Thursday 3 February 2011

Black Swan


Natalie Portman looks like a ballerina. Waif-like, delicate and fragile, she’s physically perfect to play the role of Nina Sayers – a dancer cast as the lead in Swan Lake. With a supporting cast including Barbara Hershey and Vincent Cassel, surely Black Swan couldn’t fail to impress...

Portman’s Nina is beautiful yet naive – a perfect fit for the innocent side of the dual role of Swan Queen. Problematically she lacks the fire, unpredictability and sexuality required to play the character’s titular alter-ego. Nina s a dream role for an actress – it requires a portrayal of great physicality, enormous skill and some real acting chops. And Portman doesn’t disappoint. She’s absolutely fantastic throughout.

Her performance hinges on her being believably unhinged as the intensity of the role, her repressed home life and her sexual awakening combine, culminating in a nervous breakdown of sorts. As the pressure grows on her to embrace the darker side of her personality so her anxieties increase, manifesting themselves in hallucinations, self-harm and an increasingly fractured personality – personifying itself in the form of fellow dancer Lily (Mila Kunis).

Sadly Nina is the only character in the film who’s not a one-dimensional stereotype. Cassel’s rapacious director is crudely drawn and delivers some truly awful dialogue, Winona Ryder’s washed up ballet star is little more than a plot device and Hershey chews up the scenery as Nina’s wicked mother. Perhaps these gaudy caricatures are designed deliberately but they are too creakily created to be convincing.

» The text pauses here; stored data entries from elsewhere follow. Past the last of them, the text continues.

(* Let $Q$ be an admissible orientation of $\tilde A_n$ and let $I$ be a non-zero linearized semigroup ideal of $\Bbbk Q$. Then $I$ is indecomposable (as an ideal, i.e. it is not a direct sum of two non-zero ideals) if and only if the graph $\Gamma_I$ is connected.
   Context: $\Bbbk$ is an algebraically closed field. An admissible orientation of $\tilde A_n$ is a finite quiver $Q$ with $n$ vertices whose underlying undirected graph is a cycle, having no oriented cycle and at least one source; let $k\ge1$ be the number of sources (= number of sinks). Paths include trivial paths $\varepsilon_x$; products of paths in $\Bbbk Q$ are concatenations when defined and $0$ otherwise. $\omega\le_J\upsilon$ means $\upsilon=\alpha\omega\beta$ for paths $\alpha,\beta$; maximal paths are the $\le_J$-maximal paths (they are the $2k$ paths from a source to an adjacent sink). A linearized semigroup ideal is an ideal spanned by a set $X$ of paths such that $\alpha\omega\beta\in X$ whenever $\omega\in X$ and $\alpha\omega\beta$ is a defined path. The graph $\Gamma$ has the maximal paths as vertices and the sources and sinks of $Q$ as edges, the edge $x$ joining the two maximal paths having $x$ as an endpoint. For a linearized semigroup ideal $I$, $\Gamma_I$ is the subgraph with vertex set the maximal paths lying in $I$ and edge set the sources/sinks $x$ with $\varepsilon_x\in I$. *)

From mathcomp Require Import all_boot all_algebra.
Set Implicit Arguments. Unset Strict Implicit. Unset Printing Implicit Defensive.
Import GRing.Theory.
Local Open Scope ring_scope.

(* The quiver Q(n, o): vertices 'I_n, arranged cyclically; for each i : 'I_n
   there is one arrow (also named i) joining vertex i and vertex i+1 (mod n);
   it points i -> i+1 if o i = true, and i+1 -> i otherwise.  Every finite
   quiver with n vertices whose underlying graph is a cycle is of this form. *)
Section PathAlgebra.
Variables (n : nat) (o : 'I_n -> bool).

Definition arr_src (a : 'I_n) : 'I_n := if o a then a else ordS a.
Definition arr_tgt (a : 'I_n) : 'I_n := if o a then ordS a else a.

Definition pcode : Type := ('I_n * seq 'I_n)%type.

Fixpoint is_walk (x : 'I_n) (s : seq 'I_n) : bool :=
  if s is a :: s' then (arr_src a == x) && is_walk (arr_tgt a) s' else true.

Fixpoint walk_end (x : 'I_n) (s : seq 'I_n) : 'I_n :=
  if s is a :: s' then walk_end (arr_tgt a) s' else x.

Definition is_path (p : pcode) : bool := is_walk p.1 p.2.
Definition psrc (p : pcode) : 'I_n := p.1.
Definition ptgt (p : pcode) : 'I_n := walk_end p.1 p.2.
Definition triv (x : 'I_n) : pcode := (x, [::]).

Definition pcat (p q : pcode) : option pcode :=
  if ptgt p == psrc q then Some (p.1, p.2 ++ q.2) else None.

Definition has_oriented_cycle : Prop :=
  exists p : pcode, [/\ is_path p, p.2 != [::] & ptgt p = psrc p].

Definition is_source (x : 'I_n) : bool := [forall a : 'I_n, arr_tgt a != x].
Definition is_sink (x : 'I_n) : bool := [forall a : 'I_n, arr_src a != x].

Definition admissible : Prop :=
  ~ has_oriented_cycle /\ exists x, is_source x.

Definition leJ (w u : pcode) : Prop :=
  exists a b : pcode, exists m : pcode,
    [/\ is_path a, is_path b, pcat a w = Some m & pcat m b = Some u].

Definition maximal_path (u : pcode) : Prop :=
  is_path u /\ forall z, is_path z -> leJ u z -> leJ z u.

Variable F : fieldType.

(* The path algebra kQ: F-valued functions on path codes supported on valid
   paths (the coefficient of each path); since Q is acyclic there are finitely
   many paths, so this is the F-span of the paths. *)
Definition in_kQ (f : pcode -> F) : Prop := forall p, f p != 0 -> is_path p.

Definition zerof : pcode -> F := fun _ => 0.
Definition addf (f g : pcode -> F) : pcode -> F := fun p => f p + g p.
Definition scalef (c : F) (f : pcode -> F) : pcode -> F := fun p => c * f p.

Definition mulf (f g : pcode -> F) : pcode -> F :=
  fun p => \sum_(i < (size p.2).+1)
             f (p.1, take i p.2) * g (walk_end p.1 (take i p.2), drop i p.2).

Definition basis_el (p : pcode) : pcode -> F := fun q => (p == q)%:R.

Definition is_ideal (I : (pcode -> F) -> Prop) : Prop :=
  [/\ forall f, I f -> in_kQ f,
      I zerof,
      forall f g, I f -> I g -> I (addf f g),
      forall c f, I f -> I (scalef c f)
    & forall f g, I f -> in_kQ g -> I (mulf g f) /\ I (mulf f g)].

Definition nonzero_set (I : (pcode -> F) -> Prop) : Prop :=
  exists f, I f /\ f <> zerof.

Definition in_span (X : pcode -> Prop) (f : pcode -> F) : Prop :=
  exists (s : seq pcode) (c : pcode -> F),
    (forall p, p \in s -> X p) /\
    f = fun q => \sum_(p <- s) c p * (p == q)%:R.

Definition lin_sg_ideal (I : (pcode -> F) -> Prop) : Prop :=
  exists X : pcode -> Prop,
    [/\ forall p, X p -> is_path p,
        forall w a b m u, X w -> is_path a -> is_path b ->
          pcat a w = Some m -> pcat m b = Some u -> X u
      & forall f, I f <-> in_span X f].

Definition ideal_decomposable (I : (pcode -> F) -> Prop) : Prop :=
  exists J K : (pcode -> F) -> Prop,
    [/\ is_ideal J /\ is_ideal K, nonzero_set J, nonzero_set K,
        (forall f, I f <-> exists j k, J j /\ K k /\ f = addf j k)
      & forall f, J f -> K f -> f = zerof].

Definition ideal_indecomposable I : Prop := ~ ideal_decomposable I.

Definition is_endpoint (x : 'I_n) (p : pcode) : Prop := psrc p = x \/ ptgt p = x.

Definition gamma_vertex (I : (pcode -> F) -> Prop) (u : pcode) : Prop :=
  maximal_path u /\ I (basis_el u).

Definition gamma_adj (I : (pcode -> F) -> Prop) (u v : pcode) : Prop :=
  [/\ gamma_vertex I u, gamma_vertex I v, u <> v &
      exists x, [/\ is_source x || is_sink x, I (basis_el (triv x)),
                    is_endpoint x u & is_endpoint x v]].

Inductive gamma_conn (I : (pcode -> F) -> Prop) : pcode -> pcode -> Prop :=
  | gc_refl u : gamma_conn I u u
  | gc_step u v w : gamma_adj I u v -> gamma_conn I v w -> gamma_conn I u w.

Definition gamma_connected (I : (pcode -> F) -> Prop) : Prop :=
  forall u v, gamma_vertex I u -> gamma_vertex I v -> gamma_conn I u v.

End PathAlgebra.

From mathcomp Require Import all_boot all_algebra.
From mathcomp Require Import zify.
From Stdlib Require Import Classical ClassicalEpsilon FunctionalExtensionality.
Set Implicit Arguments. Unset Strict Implicit. Unset Printing Implicit Defensive.
Lemma brack_p_relativize phi X : sentence phi -> closed_theory X ->
  seteq (brack_p xs p (relativize phi X)) (relativize phi (brack_p xs p X)).
Proof.
  intros Hphi HX chi.
  assert (E : same_models (union (relativize phi X) (omit_p xs p (relativize phi X)))
                          (add (union X (omit_p xs p X)) phi)).
  { eapply same_models_trans; [|apply omission_add_same_models, Hphi].
    apply same_models_union; [|apply seteq_same_models, omit_p_same_models];
      apply relativize_same_models; auto. }
  unfold brack_p at 1; rewrite (Th_same_models E chi), Th_add; easy.
Qed.

End Omission.
End Relativization.

Section Stages.
Variables (Sg : signature) (W : Type) (lt : W -> W -> Prop).
Implicit Types (base : fset Sg) (F : fset Sg -> fset Sg) (s : W -> fset Sg).

Lemma min_succ_or_limit (w : W) :
  (forall v, ~ lt v w) \/
  (exists v, lt v w /\ forall u, ~ (lt v u /\ lt u w)) \/
  ((exists v, lt v w) /\ forall v, lt v w -> exists u, lt v u /\ lt u w).
Proof.
  destruct (classic (exists v, lt v w)) as [Hex|Hn]; [right | left; firstorder].
  destruct (classic (exists v, lt v w /\ forall u, ~ (lt v u /\ lt u w))) as [Hs|Hns];
    [left; exact Hs | right; split; [exact Hex|]].
  intros v Hv; apply NNPP; intro Hc; apply Hns; exists v; split; auto.
  intros u Hu; apply Hc; exists u; exact Hu.
Qed.

Lemma stages_closed base F s : well_founded lt ->
  closed_theory base -> (forall X, closed_theory (F X)) -> stages lt base F s ->
  forall w, closed_theory (s w).
Proof.
  intros Hwf Hbase HF Hst w; induction w as [w IH] using (well_founded_ind Hwf).
  destruct (Hst w) as [Hmin [Hsucc Hlim]].
  destruct (min_succ_or_limit w) as [H|[[v [Hv Hm]]|[[v0 Hv0] Hl]]].
  - eapply closed_theory_seteq; [apply Hmin, H | exact Hbase].
  - eapply closed_theory_seteq; [apply (Hsucc v Hv Hm) | apply HF].
  - eapply closed_theory_seteq; [apply Hlim; [exists v0|]; auto|]; split.
    + intros chi [v [Hv Hc]]; exact (closed_sentence (IH v Hv) _ Hc).
    + intros chi chi' [v [Hv Hc]] H1 H2; exists v; split; auto.
      exact (closed_consequence (IH v Hv) _ _ Hc H1 H2).
    + intros chi H1 H2; exists v0; split; auto; exact (closed_valid (IH v0 Hv0) _ H1 H2).
Qed.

All the clichés you would associate with mental breakdown are present and correct: overbearing mother, druggy nightclub scene, a freaky music box, lashings of blood, lesbian sex, doppelgangers, hallucinations, gallery of portraits with eyes which follow you around the room, etc, etc. Subtle it is not.

The film looks amazing, though. A palate of blacks, whites and greens is decorated with sparing splashes of colour – particularly the crimson of blood and slashes of lipstick. Mirrors are a recurring theme – rarely has a character spent so long staring at their own reflection. Very early in the film we see Nina metaphorically cut in two by a long mirror and it doesn’t take a genius to work out that mirrors will be involved in the film’s denouement.

Ultimately it’s a film saved by a committed performance from Portman, some excellent cinematography and a neat eye for detail. But it’s preposterously over the top, very predictable and a little unstable. Thankfully it doesn’t take itself too seriously and as such it’s entertaining - if unfulfilling.